Now, inspired by the civil war in Syria, the 91-year-old director has decided to re-explore a part of that poem — but this time he's thinking small. Brook's new play, Battlefield, starts after a catastrophic war. "We wanted to concentrate on one thing only," he says. " ... What is the position of the great leader who realizes that he has done what he set out to do? He has won."
The winner is Yudishtira, a prince who is about to become a king. After the battle, he's overwhelmed by guilt. "This victory is a defeat," Yudishtira says. "[The] battlefield is covered by endless heaps of corpses."
He wants to retreat into the forest to live a life of penance. But, Brook says, "You have to live [up] to the responsibility of a person who's won, which is even greater than the responsibility of a person who has lost."
Battlefield looks at death and destiny, and the cyclical nature of war and peace. And it does so with just four actors, some different colored shawls, a few sticks and a drummer. "We're doing it with a tiny group who are collectively one storyteller," Brook says. "And that makes it possible to do what a storyteller can do, which is both open up an infinitely large cosmos ... and something about the human problems."

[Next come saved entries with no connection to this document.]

(* Let $d\ge 1$. Let $\mathbf{s}\in\mathbb{R}^d$ be a latent source vector and $\mathbf{u}$ an auxiliary variable, and suppose the conditional density of $\mathbf{s}$ given $\mathbf{u}$ is the contaminated density $$p(\mathbf{s}|\mathbf{u})=(1-\epsilon(\mathbf{u}))\,p^{\star}(\mathbf{s}|\mathbf{u})+\epsilon(\mathbf{u})\,\delta(\mathbf{s}|\mathbf{u}),\qquad \epsilon(\mathbf{u})\in[0,1),$$ where $p^{\star}$ is the target density and $\delta$ the outlier density. Assume: (A1) the data are $\mathbf{x}=\mathbf{f}(\mathbf{s})$ with $\mathbf{f}:\mathbb{R}^d\to\mathbb{R}^d$ smooth and invertible; (A2) $p^{\star}(\mathbf{s}|\mathbf{u})$ is conditionally independent and belongs to the exponential family $$\log p^{\star}(\mathbf{s}|\mathbf{u})=\sum_{j=1}^{d}\lambda_j(\mathbf{u})q_j(s_j)+\lambda_0(\mathbf{u})-\log Z(\boldsymbol{\lambda}(\mathbf{u})),$$ with scalar functions $q_j$, parameters $\lambda_j(\mathbf{u})$ and partition function $Z$; (A3) for all $\mathbf{s},\mathbf{u}$ the ratio $\delta(\mathbf{s}|\mathbf{u})/p^{\star}(\mathbf{s}|\mathbf{u})$ is finite; (A4) (in the limit of infinite data) the conditional density $p(\mathbf{x}|\mathbf{u})$ of $\mathbf{x}$ given $\mathbf{u}$ satisfies $$\log\frac{p(\mathbf{x}|\mathbf{u})}{c(\mathbf{x})e(\mathbf{u})}=\mathbf{w}(\mathbf{u})^{\top}\mathbf{h}(\mathbf{x})$$ for some vector-valued functions $\mathbf{w}(\mathbf{u})=(w_1(\mathbf{u}),\dots,w_d(\mathbf{u}))^\top$, $\mathbf{h}(\mathbf{x})=(h_1(\mathbf{x}),\dots,h_d(\mathbf{x}))^\top$ and scalar functions $c,e$; (A5) there exist $m+1$ points $\mathbf{u}_0,\mathbf{u}_1,\dots,\mathbf{u}_m$ such that the $d\times d$ matrices $\bar{\boldsymbol{\Lambda}}:=\sum_{i=1}^m\bar{\boldsymbol{\lambda}}(\mathbf{u}_i)\bar{\boldsymbol{\lambda}}(\mathbf{u}_i)^{\top}$ and $\sum_{i=1}^m\bar{\mathbf{w}}(\mathbf{u}_i)\bar{\boldsymbol{\lambda}}(\mathbf{u}_i)^{\top}$ are invertible, where $\bar{\boldsymbol{\lambda}}(\mathbf{u}):=\boldsymbol{\lambda}(\mathbf{u})-\boldsymbol{\lambda}(\mathbf{u}_0)$ and $\bar{\mathbf{w}}(\mathbf{u}):=\mathbf{w}(\mathbf{u})-\mathbf{w}(\mathbf{u}_0)$. Then, for $\epsilon(\mathbf{u})$ sufficiently small for all $\mathbf{u}$ (in the limit of infinite data), there exist an invertible $d\times d$ matrix $\mathbf{A}$ and a vector $\boldsymbol{\alpha}\in\mathbb{R}^d$ such that $$\mathbf{q}(\mathbf{s})+\mathbf{r}(\mathbf{s})=\mathbf{A}\mathbf{h}(\mathbf{x})+\boldsymbol{\alpha},$$ where $\mathbf{q}(\mathbf{s})=(q_1(s_1),\dots,q_d(s_d))^\top$ and, with $\bar{\boldsymbol{\omega}}(\mathbf{u}):=\bar{\boldsymbol{\Lambda}}^{-1}\bar{\boldsymbol{\lambda}}(\mathbf{u})$, $\mathbf{1}_d=(1,\dots,1)^\top$ and $\epsilon_{\max}:=\max_{i=0,1,\dots,m}\epsilon(\mathbf{u}_i)$, $$\mathbf{r}(\mathbf{s})=\sum_{i=1}^m\left\{\epsilon(\mathbf{u}_i)\frac{\delta(\mathbf{s}|\mathbf{u}_i)}{p^{\star}(\mathbf{s}|\mathbf{u}_i)}-\epsilon(\mathbf{u}_0)\frac{\delta(\mathbf{s}|\mathbf{u}_0)}{p^{\star}(\mathbf{s}|\mathbf{u}_0)}\right\}\bar{\boldsymbol{\omega}}(\mathbf{u}_i)+O(\epsilon_{\max}^2)\mathbf{1}_d .$$
   Context: This is a nonlinear ICA setting: observations $\mathbf{x}$ arise as an invertible nonlinear mixture of sources $\mathbf{s}$, and an auxiliary variable $\mathbf{u}$ (e.g. a time-segment label or past observation) is observed alongside $\mathbf{x}$. The conditional density $p(\mathbf{x}|\mathbf{u})$ is the one induced from the contaminated source density $p(\mathbf{s}|\mathbf{u})$ via $\mathbf{x}=\mathbf{f}(\mathbf{s})$. $O(\epsilon_{\max}^2)$ denotes a term bounded by a constant times $\epsilon_{\max}^2$ as $\epsilon_{\max}\to 0$. *)

From HB Require Import structures.
From mathcomp Require Import all_boot all_order all_algebra.
From mathcomp Require Import all_classical all_reals all_analysis.
Set Implicit Arguments. Unset Strict Implicit. Unset Printing Implicit Defensive.
Import Order.TTheory GRing.Theory Num.Theory.
Local Open Scope ring_scope.

(* Sources s and observations x live in 'rV[R]_d
   (row vectors, as required by the library's [jacobian]); the parameter
   vectors lambda(u), w(u), h(x), q(s) are column vectors 'cV[R]_d. *)

Definition qvec (R : realType) (d : nat) (q : 'I_d -> R -> R) (s : 'rV[R]_d)
  : 'cV[R]_d := \col_j q j (s ord0 j).

Definition vbar (R : realType) (U : Type) (d : nat) (v : U -> 'cV[R]_d)
  (u0 : U) (u : U) : 'cV[R]_d := v u - v u0.

Definition Lambar (R : realType) (U : Type) (d m : nat) (lam : U -> 'cV[R]_d)
  (u0 : U) (us : 'I_m -> U) : 'M[R]_d :=
  \sum_(i < m) (vbar lam u0 (us i) *m (vbar lam u0 (us i))^T).

Definition WLambar (R : realType) (U : Type) (d m : nat)
  (w lam : U -> 'cV[R]_d) (u0 : U) (us : 'I_m -> U) : 'M[R]_d :=
  \sum_(i < m) (vbar w u0 (us i) *m (vbar lam u0 (us i))^T).

Definition omegabar (R : realType) (U : Type) (d m : nat) (lam : U -> 'cV[R]_d)
  (u0 : U) (us : 'I_m -> U) (u : U) : 'cV[R]_d :=
  invmx (Lambar lam u0 us) *m vbar lam u0 u.

(* eps_max := max_{i=0..m} eps(u_i)  (eps >= 0, so 0 is a neutral seed) *)
Definition epsmax (R : realType) (U : Type) (m : nat) (eps : U -> R)
  (u0 : U) (us : 'I_m -> U) : R :=
  Num.max (eps u0) (\big[Num.max/0]_(i < m) eps (us i)).

Definition rlead (R : realType) (U : Type) (d m : nat) (lam : U -> 'cV[R]_d)
  (pstar delta : U -> 'rV[R]_d -> R) (eps : U -> R)
  (u0 : U) (us : 'I_m -> U) (s : 'rV[R]_d) : 'cV[R]_d :=
  \sum_(i < m)
    ((eps (us i) * (delta (us i) s / pstar (us i) s)
      - eps u0 * (delta u0 s / pstar u0 s)) *: omegabar lam u0 us (us i)).

Definition pcont (R : realType) (U : Type) (d : nat)
  (pstar delta : U -> 'rV[R]_d -> R) (eps : U -> R) (u : U) (s : 'rV[R]_d) : R :=
  (1 - eps u) * pstar u s + eps u * delta u s.

From HB Require Import structures.
From mathcomp Require Import all_boot all_order all_algebra.
From mathcomp Require Import all_classical all_reals all_analysis.
From mathcomp Require Import ring lra.
Set Implicit Arguments. Unset Strict Implicit. Unset Printing Implicit Defensive.
Import Order.TTheory GRing.Theory Num.Theory.
Local Open Scope ring_scope.

(* With [rho = delta / p*] the contaminated density is [p* (1 + eps (rho - 1))],
   so (A2), (A4) and the change of variables give
   [w(u)^T h(f s) = lambda(u)^T q(s) + a(u,s)] for a scalar [a(u,s)] whose only
   dependence on [s], apart from [ln |det J f(s)|] and [ln c(f s)] which cancel
   between two values of [u], is [ln (1 + eps(u) (rho(u,s) - 1))].  Subtracting the identity
   at [u0], multiplying by [lbar(u_i)] and summing over [i] yields
   [WLambar^T h = Lambar q + sum_i (a(u_i) - a(u0)) lbar(u_i)], i.e. [q] is an
   invertible affine image of [h] up to [sum_i (a(u_i) - a(u0)) omegabar(u_i)].
   For [eps < 1/2] the argument [t = eps (rho - 1)] stays above [-1/2], where
   [ln (1 + t) = t + O(t^2)]; the linear terms are [rlead] and the constants
   go into [alpha]. *)

Lemma ln1D_sub_le (R : realType) (t : R) :
  -1/2 <= t -> `|ln (1 + t) - t| <= 2 * t ^+ 2.
Proof.
move=> t_ge.
have t1_gt0 : 0 < 1 + t by lra.
have ln_le : ln (1 + t) <= t by apply: le_ln1Dx; lra.
set v := (1 + t)^-1.
have v_gt0 : 0 < v by rewrite invr_gt0.
have vK : v * (1 + t) = 1 by rewrite mulVf // gt_eqF.
have ln_ge : 1 - v <= ln (1 + t).
  have := @le_ln1Dx R (v - 1) ltac:(lra).
  by rewrite addrC subrK lnV ?posrE //; lra.
have v_le2 : v <= 2 by nra.
have defv : t - 1 + v = t ^+ 2 * v by nra.
by rewrite ler_norml; apply/andP; split; nra.
Qed.

Lemma lnM_subl (R : realType) (x y z : R) :
  0 < x * y -> 0 < x * z -> ln (x * y) - ln (x * z) = ln (y / z).
Proof.
move=> xy_gt0 xz_gt0; rewrite -ln_div ?posrE //.
have /andP[x_neq0 z_neq0] : (x != 0) && (z != 0).
  by rewrite -negb_or -mulf_eq0 gt_eqF.
by rewrite -mulf_div divff // mul1r.
Qed.

Definition dotc (R : pzRingType) (d : nat) (a b : 'cV[R]_d) : R :=
  \sum_j a j ord0 * b j ord0.

Lemma mulmx_outer (R : comPzRingType) (d : nat) (a b v : 'cV[R]_d) :
  a *m b^T *m v = dotc b v *: a.
Proof.
apply/matrixP=> k l; rewrite (ord1 l) !mxE mulr_suml; apply: eq_bigr => j _.
by rewrite !mxE big_ord1 !mxE -mulrA mulrC.
Qed.

Lemma dotcBl (R : pzRingType) (d : nat) (a b v : 'cV[R]_d) :
  dotc (a - b) v = dotc a v - dotc b v.
Proof. by rewrite /dotc -sumrB; apply: eq_bigr => j _; rewrite !mxE mulrBl. Qed.

Lemma ler_norm_sum_scalemx (R : realFieldType) (d m : nat)
    (a B : 'I_m -> R) (v : 'I_m -> 'cV[R]_d) (k : 'I_d) :
    (forall i, `|a i| <= B i) ->
  `|(\sum_i a i *: v i) k ord0| <= \sum_i B i * \sum_j `|v i j ord0|.
Proof.
move=> a_le; rewrite summxE; apply: le_trans (ler_norm_sum _ _ _) _.
apply: ler_sum => i _; rewrite mxE normrM.
apply: ler_pM (normr_ge0 _) (normr_ge0 _) (a_le i) _.
rewrite (bigD1 k) //= lerDl; exact: sumr_ge0.
Qed.

Lemma le_epsmax (R : realType) (U : Type) (m : nat) (eps : U -> R)
    (u0 : U) (us : 'I_m -> U) :
  eps u0 <= epsmax eps u0 us /\ forall i, eps (us i) <= epsmax eps u0 us.
Proof.
rewrite /epsmax; split=> [|i]; rewrite le_max ?lexx //.
by rewrite (le_bigmax _ (fun i => eps (us i)) i) orbT.
Qed.

Section Demixing.

Variables (R : realType) (U : Type) (d m : nat).
Variables (lam w : U -> 'cV[R]_d) (u0 : U) (us : 'I_m -> U).
Hypothesis Lambar_unit : Lambar lam u0 us \in unitmx.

Drummer Toshi Tsuchitori tells the story as much as the actors do. He's been working with Brook for 40 years and was an integral part of the original Mahabharata, creating music for the production and leading a band of five. This time, it's just him playing an African drum. He sits at the side of the stage, punctuating the actors' observations on war with drum beats that can be ferocious; or underscoring a parable about destiny with delicacy. Tsuchitori says every performance of Battlefield is different: He improvises based on where the show plays (it has toured all over the world) and the feeling in the room.
Battlefield is only about an hour long, but Peter Brook says it's stuffed with parables from The Mahabharata; "the most extraordinary powerful, passionate and great ideas about truth, about life, about death," he says.
The director shares one of his favorite parables, about a man in a perilous situation: "Hanging over a chasm, upside down, with a snake waiting to catch him underneath and an elephant about to trample him on the side. And in all this, suddenly, the possibility of tasting for the last time a drop of honey. A drop of honey says something to all of us: that life is worth living, because life is there and it is beyond the horrors."
That's just the kind of story Brook has been telling audiences for more than 70 years.